=== Material supplied ===
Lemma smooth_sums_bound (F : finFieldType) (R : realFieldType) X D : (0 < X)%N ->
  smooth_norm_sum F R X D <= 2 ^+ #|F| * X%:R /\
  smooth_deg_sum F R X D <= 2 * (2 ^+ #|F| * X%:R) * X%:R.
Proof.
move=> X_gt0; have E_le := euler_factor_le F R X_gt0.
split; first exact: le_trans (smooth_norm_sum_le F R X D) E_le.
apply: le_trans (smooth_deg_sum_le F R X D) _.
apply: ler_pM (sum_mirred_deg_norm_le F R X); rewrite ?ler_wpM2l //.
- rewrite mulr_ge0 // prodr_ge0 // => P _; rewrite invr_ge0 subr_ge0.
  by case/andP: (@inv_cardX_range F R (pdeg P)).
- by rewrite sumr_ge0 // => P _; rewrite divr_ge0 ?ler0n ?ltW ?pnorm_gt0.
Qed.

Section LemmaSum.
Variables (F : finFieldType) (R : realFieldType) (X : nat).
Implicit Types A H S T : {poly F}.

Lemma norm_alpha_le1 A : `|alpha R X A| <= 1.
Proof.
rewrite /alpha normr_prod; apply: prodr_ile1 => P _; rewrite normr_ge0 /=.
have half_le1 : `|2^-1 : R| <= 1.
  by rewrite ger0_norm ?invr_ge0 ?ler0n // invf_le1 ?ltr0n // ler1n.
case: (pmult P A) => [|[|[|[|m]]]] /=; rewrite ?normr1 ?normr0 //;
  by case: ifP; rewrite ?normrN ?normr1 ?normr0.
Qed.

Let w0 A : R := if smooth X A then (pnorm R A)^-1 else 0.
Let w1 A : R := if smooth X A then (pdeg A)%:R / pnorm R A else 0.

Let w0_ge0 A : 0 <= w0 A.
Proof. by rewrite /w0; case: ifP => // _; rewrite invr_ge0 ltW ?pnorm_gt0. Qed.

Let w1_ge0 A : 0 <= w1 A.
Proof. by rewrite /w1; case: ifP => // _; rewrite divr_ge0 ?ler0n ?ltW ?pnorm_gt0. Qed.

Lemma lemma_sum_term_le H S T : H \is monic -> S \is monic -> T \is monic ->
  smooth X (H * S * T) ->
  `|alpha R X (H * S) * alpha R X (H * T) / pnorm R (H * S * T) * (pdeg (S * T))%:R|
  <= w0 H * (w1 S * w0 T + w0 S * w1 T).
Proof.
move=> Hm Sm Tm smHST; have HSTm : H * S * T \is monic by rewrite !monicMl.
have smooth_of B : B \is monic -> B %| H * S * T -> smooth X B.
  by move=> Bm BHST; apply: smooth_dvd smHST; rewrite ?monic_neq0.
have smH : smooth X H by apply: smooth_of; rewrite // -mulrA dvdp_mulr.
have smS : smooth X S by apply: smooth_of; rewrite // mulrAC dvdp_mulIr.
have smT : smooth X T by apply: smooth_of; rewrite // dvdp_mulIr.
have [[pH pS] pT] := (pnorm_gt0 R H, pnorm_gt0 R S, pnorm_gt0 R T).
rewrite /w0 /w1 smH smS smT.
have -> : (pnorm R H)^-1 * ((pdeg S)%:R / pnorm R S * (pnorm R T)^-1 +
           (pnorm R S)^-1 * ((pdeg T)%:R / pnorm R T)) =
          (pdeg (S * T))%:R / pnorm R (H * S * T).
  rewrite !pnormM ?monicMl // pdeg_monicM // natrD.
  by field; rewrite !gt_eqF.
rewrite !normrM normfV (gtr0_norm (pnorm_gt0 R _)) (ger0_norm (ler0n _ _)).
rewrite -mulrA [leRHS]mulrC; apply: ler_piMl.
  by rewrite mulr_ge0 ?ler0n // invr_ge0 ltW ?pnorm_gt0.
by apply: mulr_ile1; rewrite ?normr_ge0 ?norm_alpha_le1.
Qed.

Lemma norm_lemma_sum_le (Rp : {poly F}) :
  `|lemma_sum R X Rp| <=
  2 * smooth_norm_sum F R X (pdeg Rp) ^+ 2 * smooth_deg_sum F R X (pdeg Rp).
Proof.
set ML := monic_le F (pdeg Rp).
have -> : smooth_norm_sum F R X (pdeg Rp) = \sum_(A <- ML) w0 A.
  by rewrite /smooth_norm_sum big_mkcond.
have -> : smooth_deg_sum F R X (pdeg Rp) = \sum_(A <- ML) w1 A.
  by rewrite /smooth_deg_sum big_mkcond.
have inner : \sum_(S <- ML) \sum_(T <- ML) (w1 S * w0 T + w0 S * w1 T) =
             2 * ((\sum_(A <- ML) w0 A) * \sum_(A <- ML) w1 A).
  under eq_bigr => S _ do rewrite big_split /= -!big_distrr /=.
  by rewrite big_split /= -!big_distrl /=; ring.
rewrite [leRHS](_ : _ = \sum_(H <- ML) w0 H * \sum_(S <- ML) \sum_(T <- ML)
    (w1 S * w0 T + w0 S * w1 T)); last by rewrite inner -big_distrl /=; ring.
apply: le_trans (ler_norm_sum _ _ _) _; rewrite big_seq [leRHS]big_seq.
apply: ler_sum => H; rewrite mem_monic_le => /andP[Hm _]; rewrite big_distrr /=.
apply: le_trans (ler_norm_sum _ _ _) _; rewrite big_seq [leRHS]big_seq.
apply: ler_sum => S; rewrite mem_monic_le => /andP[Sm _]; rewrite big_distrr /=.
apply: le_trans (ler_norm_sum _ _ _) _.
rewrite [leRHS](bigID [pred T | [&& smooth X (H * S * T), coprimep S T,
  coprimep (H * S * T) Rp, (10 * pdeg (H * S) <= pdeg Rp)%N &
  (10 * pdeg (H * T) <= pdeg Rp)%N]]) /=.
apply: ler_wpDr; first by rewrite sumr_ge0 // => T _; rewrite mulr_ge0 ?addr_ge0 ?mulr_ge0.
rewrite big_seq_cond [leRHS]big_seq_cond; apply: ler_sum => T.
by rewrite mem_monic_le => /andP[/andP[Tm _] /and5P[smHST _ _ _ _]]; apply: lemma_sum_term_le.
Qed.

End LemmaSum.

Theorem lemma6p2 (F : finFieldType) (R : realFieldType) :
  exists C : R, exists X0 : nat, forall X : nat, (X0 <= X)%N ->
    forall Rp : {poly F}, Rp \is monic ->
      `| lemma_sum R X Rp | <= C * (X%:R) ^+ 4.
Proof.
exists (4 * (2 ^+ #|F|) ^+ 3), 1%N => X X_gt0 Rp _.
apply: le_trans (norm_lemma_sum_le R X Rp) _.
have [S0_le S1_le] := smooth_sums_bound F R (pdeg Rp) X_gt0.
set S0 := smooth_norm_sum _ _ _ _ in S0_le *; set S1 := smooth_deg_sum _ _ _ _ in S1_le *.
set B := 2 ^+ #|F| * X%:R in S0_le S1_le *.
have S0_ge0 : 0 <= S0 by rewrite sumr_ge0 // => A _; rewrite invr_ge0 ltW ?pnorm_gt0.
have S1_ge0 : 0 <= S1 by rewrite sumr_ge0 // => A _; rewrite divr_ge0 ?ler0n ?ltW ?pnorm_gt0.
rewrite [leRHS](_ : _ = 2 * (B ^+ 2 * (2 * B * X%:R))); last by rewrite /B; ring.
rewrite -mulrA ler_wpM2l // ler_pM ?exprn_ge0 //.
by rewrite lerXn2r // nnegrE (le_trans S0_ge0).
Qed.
===
* Exercise:
The word "last" occurs on some lines of the data. Give the number of those lines only.

* Solution to this task:
2